2018年2月の初め、英国のメイ首相が中国を正式に訪問した。日本のメディアは、約1兆4千億にのぼる商談をまとめ、中英の「黄金時代」を演出したが、シルクロード経済圏構想「一帯一路」については英側が警戒感をもっており、中国との温度差が明らかだった、などと報じた。
しかし、中国メディアの報道は、日本のメディアがほとんど無視している「中英による雄安金融科技ゾーン建設」が重きに置かれている。そもそも日本メディアがあまり関心をもっていない「雄安新区」とは何か。
深セン、上海に次ぐ新たな経済特区
中国では国家的な規模の経済特区が国家経済を牽引してきた。
深セン特区は鄧小平が1980年から建設に着手し、中国の改革開放のシンボルにして、今ではさらに中国の技術革新の新都市となっている。
上海を中国の金融センターにしたのは、江沢民時代の1990年代のことであった。これにより、中国経済を引っ張っていく地域は、深セン、広州などの華南地区から北上して、上海、江蘇省、浙江省などの華中地域に交替した。
中国経済をさらに発展させて、次は華北地域のどこを経済発展の中心にするか。習近平時代となった2017年4月、北京の南に100キロ離れた、いくつかの県(雄県、安新県、容城県)を統合して「雄安新区」の建設が発表された。

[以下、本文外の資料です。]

(* Let $\Pi_n$ be the graph on $[n+1]$ with edge multiset $\{(i,i+1),(i,n+1): i=1,\ldots,n\}$ (so $(n,n+1)$ appears twice), and let ${\bf a}=(a_1,\ldots,a_n,-\sum a_i)$ with $a_i\in\mathbb{Z}_{>0}$. The number of types of cells of the canonical subdivision of $\mathcal{F}_{\Pi_n}({\bf a})$ is the Catalan number $C_n=\frac{1}{n+1}\binom{2n}{n}$.
   Context: $\mathcal{F}_H({\bf a})$ is the set of $f\in\mathbb{R}_{\ge0}^{E(H)}$ with outflow minus inflow at each vertex $k\le n$ equal to $a_k$. Noncrossing trees: for ordered lists $L=(x_1,\ldots,x_\ell)$, $R=(y_1,\ldots,y_r)$, $\mathcal{T}_{L,R}$ is the set of trees on $L\sqcup R$ with all edges between $L$ and $R$ and no two edges $(x_p,y_q),(x_t,y_u)$ with $p<t$, $q>u$. Compounded reduction at vertex $i\in\{2,\ldots,n\}$ of a graph $H$ in which $i$ has incoming edges (here $a_i>0$): with $\mathcal{I}_i(H)$, $\mathcal{O}_i(H)$ the multisets of edges $(\cdot,i)$, $(i,\cdot)$ in fixed orderings, $L=(\mathcal{I}_i(H),v_i)$ ($v_i$ a new symbol, last), $R=\mathcal{O}_i(H)$; for $T\in\mathcal{T}_{L,R}$, $H^{(i)}_T$ is $H$ with $\mathcal{I}_i(H)\cup\mathcal{O}_i(H)$ deleted and, for each tree edge, an edge $(r,s)$ added if it joins $(r,i)$ and $(i,s)$, or an edge $(i,s)$ if it joins $v_i$ and $(i,s)$. Each new edge is a formal sum of original edges (summands of the two joined edges, resp. of $(i,s)$), and $\mathcal{F}_H({\bf a})$ is identified with its image in the original edge space under $g\mapsto f$, $f(e)=\sum g(e')$ over edges $e'$ having $e$ as summand. Canonical compounded reduction tree: root the original graph; for $i=n,\ldots,2$ in order, every current leaf $H$ in which $i$ has incoming edges gets the children $H^{(i)}_T$, $T\in\mathcal{T}_{L,R}$. The canonical subdivision consists of the polytopes $\mathcal{F}_H({\bf a})$, one per leaf $H$ (the cells); two cells are of the same type if their leaf graphs are identical multigraphs. *)

From mathcomp Require Import all_boot.
Set Implicit Arguments. Unset Strict Implicit. Unset Printing Implicit Defensive.

(* Directed edges (tail, head) of a multigraph on vertices 1..n+1;
   a multigraph is a list of edges, considered up to permutation (perm_eq). *)
Definition edge := (nat * nat)%type.
Definition mgraph := seq edge.

Definition in_edges (H : mgraph) (i : nat) : mgraph := [seq e <- H | e.2 == i].
Definition out_edges (H : mgraph) (i : nat) : mgraph := [seq e <- H | e.1 == i].

(* ---------- Noncrossing trees T_{L,R} ----------
   L = (x_0,...,x_{l-1}), R = (y_0,...,y_{r-1}) are represented by their index
   sets 'I_l and 'I_r; a candidate tree is a set of edges (p,q) meaning x_p -- y_q
   (all edges go between L and R). *)
Definition bip_adj (l r : nat) (T : {set 'I_l * 'I_r}) : rel ('I_l + 'I_r)%type :=
  fun x y => match x, y with
             | inl p, inr q => (p, q) \in T
             | inr q, inl p => (p, q) \in T
             | _, _ => false
             end.

Definition is_tree (l r : nat) (T : {set 'I_l * 'I_r}) : bool :=
  [forall x, forall y, connect (bip_adj T) x y] && (#|T| == l + r - 1).

Definition noncrossing (l r : nat) (T : {set 'I_l * 'I_r}) : bool :=
  [forall e1 in T, forall e2 in T,
     ~~ ((val e1.1 < val e2.1) && (val e2.2 < val e1.2))].

Definition NCtrees (l r : nat) : seq {set 'I_l * 'I_r} :=
  enum [set T : {set 'I_l * 'I_r} | is_tree T && noncrossing T].

(* ---------- Compounded reduction at vertex i ----------
   I = ordered list of incoming edges (.,i), O = ordered list of outgoing edges
   (i,.).  L = (I, v_i) has size (size I).+1 (v_i is the last index, size I),
   R = O.  A tree edge (p,q) joining (r,i) and (i,s) gives the edge (r,s);
   joining v_i and (i,s) gives the edge (i,s). *)
Definition new_edge (i : nat) (I O : mgraph) (p q : nat) : edge :=
  (if p < size I then (nth (0, 0) I p).1 else i, (nth (0, 0) O q).2).

Definition reduce (H : mgraph) (i : nat) (I O : mgraph)
    (T : {set 'I_(size I).+1 * 'I_(size O)}) : mgraph :=
  [seq e <- H | (e.2 != i) && (e.1 != i)]
  ++ [seq new_edge i I O (val pq.1) (val pq.2) | pq <- enum T].

Definition reductions (H : mgraph) (i : nat) (I O : mgraph) : seq mgraph :=
  [seq reduce H i T | T <- NCtrees (size I).+1 (size O)].

(* ---------- Orderings ----------
   The "fixed orderings" of I_i(H), O_i(H) are arbitrary; they may even differ
   from node to node of the reduction tree.  A node is identified by its address
   (the list of child indices from the root), and an ordering choice is a function
   giving, for each address, vertex i and graph H, permutations of the in- and
   out-edge multisets of i in H. *)
Definition ordering := seq nat -> nat -> mgraph -> mgraph * mgraph.

Definition valid_ordering (ord : ordering) : Prop :=
  forall (adr : seq nat) (i : nat) (H : mgraph),
    perm_eq (ord adr i H).1 (in_edges H i) /\ perm_eq (ord adr i H).2 (out_edges H i).

Definition node := (seq nat * mgraph)%type.

Definition children (ord : ordering) (i : nat) (nd : node) : seq node :=
  let adr := nd.1 in
  let H := nd.2 in
  let IO := ord adr i H in
  let cs := reductions H i IO.1 IO.2 in
  [seq (rcons adr k, nth [::] cs k) | k <- iota 0 (size cs)].

Definition step (ord : ordering) (i : nat) (leaves : seq node) : seq node :=
  flatten [seq (if has (fun e : edge => e.2 == i) nd.2 then children ord i nd
                else [:: nd]) | nd <- leaves].

Definition canonical_leaves (ord : ordering) (n : nat) (G : mgraph) : seq mgraph :=
  [seq nd.2 | nd <- foldl (fun lv i => step ord i lv) [:: ([::], G)]
                             (rev (iota 2 n.-1))].

(* number of types: number of classes of identical multigraphs (perm_eq)
   among the leaf graphs (one cell per leaf) *)
Definition num_types (L : seq mgraph) : nat :=
  size [seq k <- iota 0 (size L) |
          ~~ has (fun H => perm_eq H (nth [::] L k)) (take k L)].

Definition Pi (n : nat) : mgraph :=
  [seq (i, i.+1) | i <- iota 1 n] ++ [seq (i, n.+1) | i <- iota 1 n].

Definition catalan (n : nat) : nat := 'C(n.*2, n) %/ n.+1.

(* When vertex j is reduced, every leaf has the single incoming edge (j-1, j)
   at j, so L = (x_0, v_j), and a noncrossing tree on L and the r outgoing
   edges y_0, ..., y_(r-1) of j is a fan: x_0 is joined to y_0..y_k and v_j to
   y_k..y_(r-1), for some k < r.  The child for this fan gives j-1 the
   out-degree k+2 and leaves j with out-degree r-k.  Hence a leaf with a
   vertices still to reduce, whose next vertex has out-degree m, has
   [ballot a m] final descendants, where
   ballot (a+1) m = sum_(x=1..m) ballot a (x+1) and ballot (n-1) 2 = C_n.
   The out-degree r-k left at a reduced vertex never changes again, so distinct
   final leaves have distinct out-degree sequences and are distinct
   multigraphs: the number of types is the number of leaves. *)

From mathcomp Require Import all_boot zify.
Set Implicit Arguments. Unset Strict Implicit. Unset Printing Implicit Defensive.
Set Bullet Behavior "Strict Subproofs".
Fixpoint tree_nested_ind (P : tree -> Prop)
  (hN : forall c h ks, (forall k, In k ks -> P k) -> P (Node c h ks)) (t : tree) : P t :=
  match t with
  | Node c h ks => hN c h ks
      ((fix go (l : list tree) : forall k, In k l -> P k :=
          match l with
          | [] => fun k H => False_ind _ H
          | k' :: l' => fun k H =>
              match H with
              | or_introl e => eq_ind k' P (tree_nested_ind P hN k') k e
              | or_intror H' => go l' k H'
              end
          end) ks)
  end.

Fixpoint size (t : tree) : nat :=
  match t with Node _ _ ks => S (list_sum (map size ks)) end.

Lemma size_kid c h ks k : In k ks -> size k < size (Node c h ks).
Proof.
  simpl; induction ks as [| k' ks IH]; simpl; [tauto |].
  intros [<- | Hk]; [| specialize (IH Hk)]; lia.
Qed.

Fixpoint erase (t : tree) : sequent :=
  match t with Node c _ ks => map IF c ++ map (fun k => IB (erase k)) ks end.

Definition bracket (k : tree) : item := IB (erase k).

Lemma erase_node c h ks : erase (Node c h ks) = map IF c ++ map bracket ks.
Proof. reflexivity. Qed.

(* [Fr c h l r] is a node with a hole among its children, between the siblings [l] and [r]. *)
Inductive frame : Type := Fr : list form -> list form -> list tree -> list tree -> frame.

Fixpoint plug (C : list frame) (t : tree) : tree :=
  match C with
  | [] => t
  | Fr c h l r :: C' => Node c h (l ++ plug C' t :: r)
  end.

Lemma plug_app C1 C2 t : plug (C1 ++ C2) t = plug C1 (plug C2 t).
Proof. induction C1 as [| [] C1 IH]; simpl; congruence. Qed.

Fixpoint path_ctx (C : list frame) (d : sequent) : ctx :=
  match C with
  | [] => Hole d
  | Fr c h l r :: C' => Nest (map IF c ++ map bracket l ++ map bracket r) (path_ctx C' d)
  end.

Lemma fill_path_ctx C d X : fill (path_ctx C d) X = fill (path_ctx C []) (d ++ X).
Proof. induction C as [| [] C IH]; simpl; congruence. Qed.

Lemma erase_plug C t : seq_equiv (erase (plug C t)) (fill (path_ctx C []) (erase t)).
Proof.
  induction C as [| [c h l r] C IH]; simpl; [apply seq_equiv_refl |].
  rewrite map_app; cbn [map].
  apply se_trans with (map IF c ++ map bracket l ++ map bracket r ++ [IB (erase (plug C t))]).
  - apply Permutation_seq_equiv; apply Permutation_app_head, Permutation_app_head.
    apply Permutation_cons_append.
  - rewrite !app_assoc; apply seq_equiv_app; [apply seq_equiv_refl | repeat constructor; auto].
Qed.

Lemma erase_plug_equiv C t d X : seq_equiv (erase t) (d ++ X) ->
  seq_equiv (erase (plug C t)) (fill (path_ctx C d) X).
Proof.
  intros Ht; eapply se_trans; [apply erase_plug |].
  rewrite (fill_path_ctx C d X); apply seq_equiv_fill, Ht.
Qed.

Lemma cutfree_plug_iff C t d X : Permutation (erase t) (d ++ X) ->
  cutfree (erase (plug C t)) <-> cutfree (fill (path_ctx C d) X).
Proof.
  intros Ht.
  assert (E := erase_plug_equiv C t d X (Permutation_seq_equiv _ _ Ht)).
  split; intros; eapply derivable_equiv; eauto using seq_equiv_sym.
Qed.

Definition underivable_at (C : list frame) (t : tree) : Prop := ~ cutfree (erase (plug C t)).

Lemma erase_pick c1 X c2 h ks :
  Permutation (erase (Node (c1 ++ X :: c2) h ks)) ((map IF (c1 ++ c2) ++ map bracket ks) ++ [IF X]).
Proof.
  rewrite erase_node, !map_app, <- !app_assoc; cbn [map app].
  apply Permutation_app_head; rewrite app_assoc; apply Permutation_cons_append.
Qed.

Lemma erase_push Xs c h ks :
  Permutation (erase (Node (Xs ++ c) h ks)) ((map IF c ++ map bracket ks) ++ map IF Xs).
Proof. rewrite erase_node, map_app, <- app_assoc; apply Permutation_app_comm. Qed.
(* Let $A_h,B\in\mathcal L(\mathbb R^{N\times N}_s)$ be symmetric positive tensors and $\gamma>0$ such that $\gamma A_h-B$ is positive. Let $S(t)=-Be^{-\gamma t}$, $t\geq0$, and $LS(z)=\int_0^\infty e^{-zt}S(t)dt$ its Laplace transform. Then there exists $c>0$ such that for all $z\in\mathbb C$ with $\mathrm{Re}(z)>0$ and all $\xi\in\mathbb C^{N\times N}_s$, $$\mathrm{Re}\big((A_h+LS(z))\xi:\overline{z\xi}\big)\geq c\Big(\mathrm{Re}(z)+\frac{|z|^2}{1+|z|^2}\Big)|\xi|^2,\qquad \mathrm{Im}\big((A_h+LS(z))\xi:\overline{z\xi}\big)\,\mathrm{Im}(z)\leq-c|\mathrm{Im}(z)|^2|\xi|^2.$$
   Context: $\xi:\eta=\sum_{ij}\xi_{ij}\eta_{ij}$ (bilinear, no conjugation); $\mathbb C^{N\times N}_s$ denotes complex symmetric matrices and tensors in $\mathcal L(\mathbb R^{N\times N}_s)$ are extended complex-linearly. A tensor $M$ is positive if $M\xi:\xi>0$ for $\xi\neq0$ real symmetric. *)

From HB Require Import structures.
From mathcomp Require Import all_boot all_order all_algebra.
From mathcomp Require Import all_classical all_reals all_analysis.
From mathcomp Require Import complex.
Set Implicit Arguments. Unset Strict Implicit. Unset Printing Implicit Defensive.
Import Order.TTheory GRing.Theory Num.Theory.
Local Open Scope ring_scope.

Section Defs.
Variables (R : realType) (N : nat).
Local Notation C := R[i].

Definition tensor (K : Type) := 'I_N -> 'I_N -> 'I_N -> 'I_N -> K.

Definition tapply (K : pzRingType) (M : tensor K) (xi : 'M[K]_N) : 'M[K]_N :=
  \matrix_(i, j) \sum_(k < N) \sum_(l < N) M i j k l * xi k l.

(* bilinear double contraction xi : eta = \sum_{ij} xi_ij eta_ij (no conjugation) *)
Definition ddot (K : pzRingType) (xi eta : 'M[K]_N) : K :=
  \sum_(i < N) \sum_(j < N) xi i j * eta i j.

Definition symmx (K : Type) (xi : 'M[K]_N) : Prop := xi^T = xi.

Definition sym_tensor (M : tensor R) : Prop :=
  forall xi eta : 'M[R]_N, symmx xi -> symmx eta ->
    ddot (tapply M xi) eta = ddot xi (tapply M eta).

Definition pos_tensor (M : tensor R) : Prop :=
  forall xi : 'M[R]_N, symmx xi -> xi != 0 -> 0 < ddot (tapply M xi) xi.

Definition tensorC (M : tensor R) : tensor C :=
  fun i j k l => (M i j k l)%:C%C.

Definition mxconjC (xi : 'M[C]_N) : 'M[C]_N :=
  \matrix_(i, j) ((complex.Re (xi i j)) -i* (complex.Im (xi i j)))%C.

Definition fnorm2 (xi : 'M[C]_N) : R :=
  \sum_(i < N) \sum_(j < N) (complex.Re (xi i j) ^+ 2 + complex.Im (xi i j) ^+ 2).

End Defs.

(* Laplace transform of a real function f : [0,oo) -> R at z in C:
   Lf(z) = \int_0^oo e^{-zt} f(t) dt, with
   e^{-zt} = e^{-Re z t} (cos (Im z t) - i sin (Im z t)). *)
Definition laplace (R : realType) (f : R -> R) (z : R[i]) : R[i] :=
  ((Rintegral (@lebesgue_measure R) `[0%R, +oo[%classic
      (fun t => expR (- complex.Re z * t) * cos (complex.Im z * t) * f t))
   +i*
   (- Rintegral (@lebesgue_measure R) `[0%R, +oo[%classic
      (fun t => expR (- complex.Re z * t) * sin (complex.Im z * t) * f t)))%C.

Definition laplace_tensor (R : realType) (N : nat)
  (S : R -> tensor N R) (z : R[i]) : tensor N R[i] :=
  fun i j k l => laplace (fun t => S t i j k l) z.

(* The memory term is explicit: LS(z) = -B/(z + gamma), so the tensor is Ah - B/(z + gamma).
   For a real symmetric tensor M and a complex symmetric xi = u + i v, the cross terms of
   (M xi) : conj xi cancel and it equals M[u] + M[v] := M u : u + M v : v, a real number.
   Hence Q = conj z (a - b/(z + gamma)) with a = Ah[u] + Ah[v] and b = B[u] + B[v], whose
   real and imaginary parts are explicit rational functions of x = Re z > 0 and y = Im z.
   A positive tensor is coercive on symmetric matrices (its quadratic form attains a positive
   minimum on the compact unit sphere), so b >= k2 |xi|^2 and gamma a - b >= k1 |xi|^2; the
   two bounds then follow from elementary inequalities such as
   (2 x + gamma) / |z + gamma|^2 <= 1 / gamma. *)

From HB Require Import structures.
From mathcomp Require Import all_boot all_order all_algebra.
From mathcomp Require Import all_classical all_reals all_analysis.
From mathcomp Require Import complex measurable_realfun.
From mathcomp Require Import ring lra.
Set Implicit Arguments. Unset Strict Implicit. Unset Printing Implicit Defensive.
Import Order.TTheory GRing.Theory Num.Theory.
Import numFieldNormedType.Exports.
Local Open Scope ring_scope.
Local Open Scope classical_set_scope.

Section tensor_algebra.
Variables (K : pzRingType) (N : nat).
Implicit Types (M : tensor N K) (x y : 'M[K]_N).

Definition qform M x : K := ddot (tapply M x) x.

Lemma ddotDl x y z : ddot (x + y) z = ddot x z + ddot y z.
Proof.
rewrite /ddot -big_split; apply: eq_bigr => i _.
by rewrite -big_split; apply: eq_bigr => j _; rewrite mxE mulrDl.
Qed.

Lemma ddotZl c x y : ddot (c *: x) y = c * ddot x y.
Proof.
rewrite /ddot mulr_sumr; apply: eq_bigr => i _.
by rewrite mulr_sumr; apply: eq_bigr => j _; rewrite mxE mulrA.
Qed.

Lemma ddotBl x y z : ddot (x - y) z = ddot x z - ddot y z.
Proof.
rewrite /ddot -sumrB; apply: eq_bigr => i _.
by rewrite -sumrB; apply: eq_bigr => j _; rewrite !mxE mulrBl.
Qed.

Lemma ddotDr x y z : ddot x (y + z) = ddot x y + ddot x z.
Proof.
rewrite /ddot -big_split; apply: eq_bigr => i _.
by rewrite -big_split; apply: eq_bigr => j _; rewrite mxE mulrDr.
Qed.

Lemma tapplyD M x y : tapply M (x + y) = tapply M x + tapply M y.
Proof.
apply/matrixP => i j; rewrite !mxE -big_split; apply: eq_bigr => k _.
by rewrite -big_split; apply: eq_bigr => l _; rewrite mxE mulrDr.
Qed.

Lemma tapply_tensorD (A B : tensor N K) x :
  tapply (fun i j k l => A i j k l + B i j k l) x = tapply A x + tapply B x.
Proof.
apply/matrixP => i j; rewrite !mxE -big_split; apply: eq_bigr => k _.
by rewrite -big_split; apply: eq_bigr => l _; rewrite mulrDl.
Qed.

Lemma tapply_tensorB (A B : tensor N K) x :
  tapply (fun i j k l => A i j k l - B i j k l) x = tapply A x - tapply B x.
Proof.
apply/matrixP => i j; rewrite !mxE -sumrB; apply: eq_bigr => k _.
by rewrite -sumrB; apply: eq_bigr => l _; rewrite mulrBl.
Qed.

Lemma tapply_tensorZ c M x :
  tapply (fun i j k l => c * M i j k l) x = c *: tapply M x.
Proof.
apply/matrixP => i j; rewrite !mxE mulr_sumr; apply: eq_bigr => k _.
by rewrite mulr_sumr; apply: eq_bigr => l _; rewrite mulrA.
Qed.

Lemma ddot_map (L : pzRingType) (f : {rmorphism K -> L}) x y :
  ddot (map_mx f x) (map_mx f y) = f (ddot x y).
Proof.
rewrite /ddot rmorph_sum; apply: eq_bigr => i _.
by rewrite rmorph_sum; apply: eq_bigr => j _; rewrite !mxE rmorphM.
Qed.

Lemma tapply_map (L : pzRingType) (f : {rmorphism K -> L}) M x :
  tapply (fun i j k l => f (M i j k l)) (map_mx f x) = map_mx f (tapply M x).
Proof.
apply/matrixP => i j; rewrite !mxE rmorph_sum; apply: eq_bigr => k _.
by rewrite rmorph_sum; apply: eq_bigr => l _; rewrite mxE rmorphM.
Qed.
End tensor_algebra.

Section commutative_tensor_algebra.
Variables (K : comPzRingType) (N : nat).
Implicit Types (M : tensor N K) (x y : 'M[K]_N).

Lemma ddotC x y : ddot x y = ddot y x.
Proof. by apply: eq_bigr => i _; apply: eq_bigr => j _; rewrite mulrC. Qed.

Lemma ddotZr c x y : ddot x (c *: y) = c * ddot x y.
Proof. by rewrite ddotC ddotZl ddotC. Qed.

Lemma tapplyZ M c x : tapply M (c *: x) = c *: tapply M x.
Proof.
apply/matrixP => i j; rewrite !mxE mulr_sumr; apply: eq_bigr => k _.
by rewrite mulr_sumr; apply: eq_bigr => l _; rewrite mxE mulrCA.
Qed.
End commutative_tensor_algebra.

Lemma continuous_sum (R : realType) (T : topologicalType) (I : Type) (r : seq I)
    (F : I -> T -> R) :
  (forall i, continuous (F i)) -> continuous (fun x => \sum_(i <- r) F i x).
Proof.
move=> cF; rewrite -fct_sumE; apply: (big_ind (fun f : T -> R => continuous f)) => //.
  exact: cst_continuous.
by move=> f g cf cg x; apply: cvgD; [exact: cf | exact: cg].
Qed.

Section homogeneous_coercivity.
Variables (R : realType) (n : nat) (P : set 'rV[R]_n) (q : 'rV[R]_n -> R).
Hypotheses (closedP : closed P) (PZ : forall a v, P v -> P (a *: v)).
Hypotheses (cq : continuous q) (qZ : forall a v, q (a *: v) = a ^+ 2 * q v).
Hypothesis q_gt0 : forall v, P v -> v != 0 -> 0 < q v.

Let sphere := P `&` [set v | `|v| = 1].

Let sphere_normalize v : P v -> v != 0 ->
  sphere (`|v|^-1 *: v) /\ q v = `|v| ^+ 2 * q (`|v|^-1 *: v).
Proof.
move=> Pv v0; have nv0 : `|v| != 0 by rewrite normr_eq0.
split; first split; first exact: PZ.
  by rewrite /= normrZ normrV ?unitfE // normr_id mulVf.
by rewrite qZ mulrA exprVn mulfV ?mul1r // expf_neq0.
Qed.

それ以降、筆者は何度か雄安を取材した。2000平方キロの広さは深セン特区、上海金融特区よりはるかに大きく、道の両側には「千年大計」(千年にわたる大きな計画)のスローガンが至る所にあった。雄安を深セン、上海のように、中国経済を長く引っ張っていく新しいエンジンにしようという中国政府の思いを強く感じる。
英国の金融、科学技術が雄安に根を張っていくことは、1兆4000億円の商談よりもっと重要だと思われる。
これから始まる大規模工事
現在、雄安新区で大規模な工事建設はまだ見られないが、実際には、平静の中に「爆発」する力が潜んでいるという段階にある。
中国メディアの報道によると、2018年1月13日、第1回中国雄安産業発展フォーラムおよび北京における雄安産業発展促進会設立の式典で、河北省雄安新区管理委員会の呉海軍副主任は、次のように語った。
「雄安新区企画の枠組みはほぼ出来上がり、一連の重点プロジェクトもまもなくスタートし、交通基盤施設と環境プロジェクトの建設を速めることになる」
「雄安新区の建設がまもなく新たな発展段階に入る」
実際、河北省社会科学院の専門家の話によると、雄安新区の従来型産業の移転はほぼ完成したという。
新区を構成する容城県の「中央企業大通り」では、1キロほどの道の両側に、建築・デザインの業務に従事する中央企業、地方の国有企業、民間企業約30社がずらりと軒を並べている。都市建設投資・エネルギー・電信・建設材料・物流などの多くの企業も看板を出している。
現地の住民の話によると、雄安新区に進出はしたが、まだ正式には開業していない国有企業や民間企業も多くあるという。
早くも進出を決めた英国
1月13日のフォーラムで、如是金融研究院の院長でチーフエコノミストの管清有氏は次のように予測した。
「今後5~10年で、雄安新区が固定資産投資のピークを迎える」
関係者によると、北京と雄安を結ぶ直通列車、都市間鉄道、路線バスが2018年に開通する見込みだ。
上述した呉海軍副主任は、次のように雄安新区の産業を描いている。
「将来、雄安新区はビッグデータやクラウドコンピューティング、AI(人工知能)などの新技術を導入し、スマート化のインフラ建設を強化し、多岐にわたってスマート化サービスを提供する」
北京などの企業の間では、雄安建設に参与し、雄安で経営を展開しようという積極的な意欲も高い。
深センのすぐ隣には香港があり、深センの発展によって香港の受けた恩恵について英国はどの国より肌で感じていただろう。今回の雄安新区建設にいち早く態度を表明した背景には、それがあったとも思われる。
さて、日本はこの中国の新たな変化をどう見て、どう行動していくだろうか。